Yalden, Maxwell, 1930-2015 : Maxwell Freeman Yalden, diplomat and senior public servant, was born on 12 April 1930 in Toronto. He studied at Victoria College, University of Toronto, received an Honours B.A. in 1952 and continued his studies at l'Université de Paris from 1952 to 1953. From 1954 to 1956, he undertook his graduate studies at the University of Michigan and received his M.A. and PhD. in philosophy. In 1958, he took Russian language courses at Cambridge University.
Max Yalden joined the Department of External Affairs in 1956 and after two years he was posted to the Canadian Embassy in Moscow as second secretary. In 1960, he served on the Canadian Delegation to the Geneva Conference on Disarmament and in the same year he returned to Ottawa to work with the Disarmament Division. In August 1963, he was nominated first secretary to the Canadian Embassy in Paris and was also promoted to counsellor in 1965. He returned to Ottawa in 1967 as special advisor to the Under-Secretary of State for External Affairs responsible for the federal-provincial relations. From 1969 to 1973, Yalden served as Assistant Under-Secretary of State in the Department of the Secretary of State, where he was responsible for the promotion of official bilingualism and developing programmes for post secondary education with the provinces. From May 1973 to September 1977, Yalden was Deputy Minister of Communications and then was appointed the second Commissioner of Official Languages for a seven-year mandate. During his term in office, the equality of the two official languages was added in the Canadian Charter of Rights and Freedoms in 1982. He became Ambassador of Canada to Belgium and Luxemburg in September 1984. From November 1987 to 1996, Yalden was Chief Commissioner of the Canadian Human Rights Commission where he was responsible for the implementation of human rights legislation and for ensuring evenhanded treatment of individual cases before the Commission.

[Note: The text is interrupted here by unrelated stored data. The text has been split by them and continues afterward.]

Lemma lap_moment_remainder_le (n : nat) (z w : C) (t : R) : 0 < t -> Cmod (w - z) <= Im z ->
  Cmod (lap_moment phi n w t - lap_moment phi n z t - (w - z) * lap_moment phi (S n) z t)%C
  <= 4 * Cmod (w - z) ^ 2 * moment_majorant M h B (S (S n)) t.
Proof.
  intros Ht Hwz. set (d := (w - z)%C) in *.
  rewrite lap_moment_remainder_eq, Cmod_mult, Cmod_lap_moment by lra. fold d.
  assert (Htaylor := Cmod_cexp_taylor_1 (Ci * t * d)%C).
  rewrite !Cmod_mult, Cmod_Ci, Cmod_R, Rmult_1_l, Rabs_right in Htaylor by lra.
  assert (Hmaj := moment_le_majorant M h B HM Hh phi (S (S n)) t Hphi Ht).
  assert (Hexp : exp (- t * Im z) * exp (t * Cmod d) <= 1)
    by (rewrite <- exp_plus, <- exp_0; apply exp_le_compat; nra).
  set (A := t ^ n * Cmod (phi t)).
  assert (HA : 0 <= A) by (apply Rmult_le_pos; [apply pow_le; lra | apply Cmod_ge_0]).
  replace (t ^ S (S n) * Cmod (phi t)) with (t ^ 2 * A) in Hmaj by (unfold A; simpl; ring).
  assert (0 <= exp (- t * Im z)) by apply Rlt_le, exp_pos.
  eapply Rle_trans; [apply Rmult_le_compat_l; [apply Rmult_le_pos; assumption | exact Htaylor] |].
  replace (A * exp (- t * Im z) * (4 * (t * Cmod d) ^ 2 * exp (t * Cmod d)))
    with (4 * Cmod d ^ 2 * (t ^ 2 * A) * (exp (- t * Im z) * exp (t * Cmod d))) by ring.
  assert (0 <= 4 * Cmod d ^ 2 * (t ^ 2 * A)).
  { apply Rmult_le_pos; [apply Rmult_le_pos; [lra | apply pow2_ge_0] |].
    apply Rmult_le_pos; [apply pow2_ge_0 | exact HA]. }
  assert (0 <= Cmod d ^ 2) by apply pow2_ge_0.
  nra.
Qed.

Lemma lap_deriv_taylor (n : nat) (z w : C) : 0 < Im z -> Cmod (w - z) < Im z ->
  Cmod (lap_deriv phi n w - lap_deriv phi n z - (w - z) * lap_deriv phi (S n) z)%C
  <= 4 * Cmod (w - z) ^ 2 * moment_bound M h B (S (S n)).
Proof.
  intros Hz Hwz.
  assert (Hw : 0 <= Im w) by (apply Rlt_le, (upper_of_Cmod_lt z w Hwz)).
  destruct (lap_deriv_spec n w Hw) as [Iw _].
  destruct (lap_deriv_spec n z ltac:(lra)) as [Iz _].
  destruct (lap_deriv_spec (S n) z ltac:(lra)) as [Iz' _].
  set (k := 4 * Cmod (w - z) ^ 2).
  destruct (is_RInt_0oo_dominated (V := C_R_CompleteNormedModule)
    (fun t => lap_moment phi n w t - lap_moment phi n z t - (w - z) * lap_moment phi (S n) z t)%C
    (fun t => k * moment_majorant M h B (S (S n)) t) (k * moment_bound M h B (S (S n))))
    as [l [Hl Hlb]].
  - intros x Hx. assert (Hc := proj1 Hphi x Hx).
    apply continuous_Cminus; [apply continuous_Cminus; apply continuous_lap_moment, Hc |].
    apply continuous_Cmult; [apply continuous_const | apply continuous_lap_moment, Hc].
  - intros x Hx. apply (continuous_mult (K := R_AbsRing)); [apply continuous_const |].
    apply continuous_moment_majorant; [exact HM | exact Hh | lra].
  - intros t Ht. rewrite <- Cmod_norm. apply lap_moment_remainder_le; lra.
  - apply (is_RInt_gen_scal (V := R_NormedModule) _ k), is_RInt_0oo_moment_majorant;
      assumption.
  - assert (Hrem : is_RInt_0oo
      (fun t => lap_moment phi n w t - lap_moment phi n z t - (w - z) * lap_moment phi (S n) z t)%C
      (lap_deriv phi n w - lap_deriv phi n z - (w - z) * lap_deriv phi (S n) z)%C).
    { apply (is_RInt_gen_minus (V := C_R_NormedModule));
        [apply (is_RInt_gen_minus (V := C_R_NormedModule)) | apply is_RInt_gen_Cmult];
        assumption. }
    rewrite <- Cmod_norm in Hlb.
    rewrite <- (is_RInt_gen_unique (V := C_R_CompleteNormedModule) _ _ Hrem).
    rewrite (is_RInt_gen_unique (V := C_R_CompleteNormedModule) _ _ Hl). exact Hlb.
Qed.

Lemma is_derive_lap_deriv (n : nat) (z : C) : upper z ->
  @is_derive C_AbsRing C_NormedModule (lap_deriv phi n) z (lap_deriv phi (S n) z).
Proof.
  intros Hz. unfold upper in Hz.
  apply (is_derive_C_quadratic _ _ _ (4 * moment_bound M h B (S (S n))) (Im z) Hz).
  - destruct (lap_deriv_spec (S (S n)) z ltac:(lra)) as [_ Hb].
    generalize (Cmod_ge_0 (lap_deriv phi (S (S n)) z)). lra.
  - intros w Hw. rewrite Rmult_assoc, (Rmult_comm _ (Cmod _ ^ 2)), <- Rmult_assoc.
    apply lap_deriv_taylor; assumption.
Qed.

In the early 1990s Yalden served as founding Chair of the International Coordinating Committee of National Institutions, created following the 1993 World Conference on Human Rights. In 1996 he was elected to a four-year term as member of the United Nations Human Rights Committee and he was reelected in 2000 for a second term.
In 1997 he became an adjunct law professor at the University of Ottawa.

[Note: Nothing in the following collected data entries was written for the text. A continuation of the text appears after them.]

Lemma gram_normal_eq_solvable m n s (A : 'M[C]_(m, n)) (B : 'M[C]_(m, s)) :
  exists W : 'M[C]_(m, s), conjT A *m A *m (conjT A *m W) = conjT A *m B.
Proof.
have rank_GA : \rank (conjT A *m A *m conjT A) = \rank (conjT A).
  apply/eqP; rewrite eqn_leq mxrankM_maxr /=.
  apply: (leq_trans _ (mxrankM_maxr A _)); rewrite !mulmxA -mulmxA.
  have AA_herm : conjT (A *m conjT A) = A *m conjT A by rewrite conjT_mulmx conjTK.
  rewrite -{1}AA_herm (mxrank_gram (A *m conjT A)).
  by rewrite -{2}[A]conjTK (mxrank_gram (conjT A)).
have GA_sub : ((conjT A *m A *m conjT A)^T <= (conjT A)^T)%MS.
  by rewrite -mulmxA trmx_mul submxMl.
have sub_GA : ((conjT A)^T <= (conjT A *m A *m conjT A)^T)%MS.
  by rewrite -(mxrank_leqif_sup GA_sub).2 mxrank_tr rank_GA /conjT !mxrank_tr.
have AB_sub : ((conjT A *m B)^T <= (conjT A *m A *m conjT A)^T)%MS.
  by rewrite trmx_mul (submx_trans (submxMl _ _) sub_GA).
have [D def_AB] := submxP AB_sub.
by exists D^T; rewrite mulmxA -[LHS]trmxK trmx_mul trmxK -def_AB trmxK.
Qed.

Lemma min_norm_LS_range m n s (A : 'M[C]_(m, n)) (B : 'M[C]_(m, s)) X W :
  is_min_norm_LS A B X -> conjT A *m A *m (conjT A *m W) = conjT A *m B ->
  X = conjT A *m W.
Proof.
case=> X_LS X_min normal_eq; set Y := conjT A *m W.
have res_orth : conjT (A *m Y - B) *m A = 0.
  rewrite -[A in _ *m A]conjTK -conjT_mulmx mulmxBr mulmxA normal_eq subrr.
  exact: conjT0.
have pythagoras Z :
    frob2 (A *m Z - B) = frob2 (A *m Y - B) + frob2 (A *m (Z - Y)).
  rewrite -frob2D_orth; last by rewrite mulmxA res_orth mul0mx.
  by congr (frob2 _); rewrite mulmxBr [RHS]addrC addrA subrK.
have err_ge Z : frob2 (A *m Y - B) <= frob2 (A *m Z - B).
  by rewrite (pythagoras Z) lerDl frob2_ge0.
have AXY0 : A *m (X - Y) = 0.
  by apply: frob2_eq0; have := X_LS Y; rewrite (pythagoras X) gerDl.
have := X_min Y err_ge; rewrite -[X](subrK Y) addrC frob2D_orth ?gerDl.
  by move/frob2_eq0 ->; rewrite addr0.
by rewrite /Y conjT_mulmx conjTK -mulmxA AXY0 mulmx0.
Qed.

End LeastSquares.

Lemma min_norm_LS_minors (C : numClosedFieldType) m n s (A : 'M[C]_(m, n))
    (B : 'M[C]_(m, s)) (X : 'M[C]_(n, s)) :
  is_min_norm_LS A B X -> forall i j,
  X i j =
    (\sum_(S : {set 'I_n} | (#|S| == \rank A) && (i \in S))
       principal_minor (replace_col (conjT A *m A) i (col j (conjT A *m B))) S)
    / (\sum_(S : {set 'I_n} | #|S| == \rank A) principal_minor (conjT A *m A) S).
Proof.
move=> X_min i j; have [W normal_eq] := gram_normal_eq_solvable A B.
have X_range := min_norm_LS_range X_min normal_eq.
have col_rhs : col j (conjT A *m B) = conjT A *m A *m col j X.
  by rewrite -normal_eq -X_range !colE mulmxA.
rewrite col_rhs -sum_principal_minors_replace_col ?rank_leq_col //.
  by rewrite mxE mulrC mulKf // lt0r_neq0 // sum_principal_minors_gram_gt0.
move=> S card_S; rewrite X_range colE -mulmxA replace_col_mulmx.
by rewrite principal_minor_mulmx_rank // mxrank_conjT card_S.
Qed.

Local Open Scope complex_scope.

Theorem theorem4p1 (R : realType) (m n s : nat)
  (A : 'M[R[i]]_(m, n)) (B : 'M[R[i]]_(m, s)) (X : 'M[R[i]]_(n, s)) :
  is_min_norm_LS A B X ->
  (forall r : nat, \rank A = r -> (r <= m)%N -> (m < n)%N ->
     forall (i : 'I_n) (j : 'I_s),
       X i j =
         (\sum_(beta : {set 'I_n} | (#|beta| == r) && (i \in beta))
             pminor (col_repl (conjT A *m A) i (col j (conjT A *m B))) beta)
         / (\sum_(beta : {set 'I_n} | #|beta| == r) pminor (conjT A *m A) beta))
  /\
  (\rank A = n ->
     forall (i : 'I_n) (j : 'I_s),
       X i j = \det (col_repl (conjT A *m A) i (col j (conjT A *m B)))
               / \det (conjT A *m A)).
Proof.
move=> X_min; split=> [r <- _ _ | rank_n] i j; first exact: min_norm_LS_minors.
have full_i (S : {set 'I_n}) : (#|S| == n) && (i \in S) = (S == setT).
  by rewrite card_set_ord_eq andb_idr // => /eqP ->; rewrite in_setT.
rewrite (min_norm_LS_minors X_min) rank_n (big_pred1 setT full_i).
by rewrite (big_pred1 setT (@card_set_ord_eq n)) !principal_minor_setT.
Qed.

During Yalden's career in the Department of External Affairs, he was the author of the white paper on "Federalism and International Relations", and the principal author of a second white paper on "Federalism and International Conferences on Education". As Deputy Minister of Communications, he was closely associated with the preparation of the policy studies "Proposals for a Communications Policy for Canada" and "Communications: Some Federal Proposals". As Commissioner of Official Languages and Chief Commissioner of Canadian Human Right Commission, he was responsible for a series of Annual Reports to Parliament which represented a comprehensive evaluation of progress achieved in those areas by governmental authorities and the private sector.
Yalden was elected as a member of the United Nations Human Rights Committee in 1996 and in 2000.
In 1998 Yalden was made an Officer of the Order of Canada and was promoted to Companion in 1999. In 1982 he was awarded an Honorary doctorate from the Ottawa University and in 1998 an Honorary LL.D. from Carleton University. Maxwell Yalden died in Ottawa on February 9, 2015.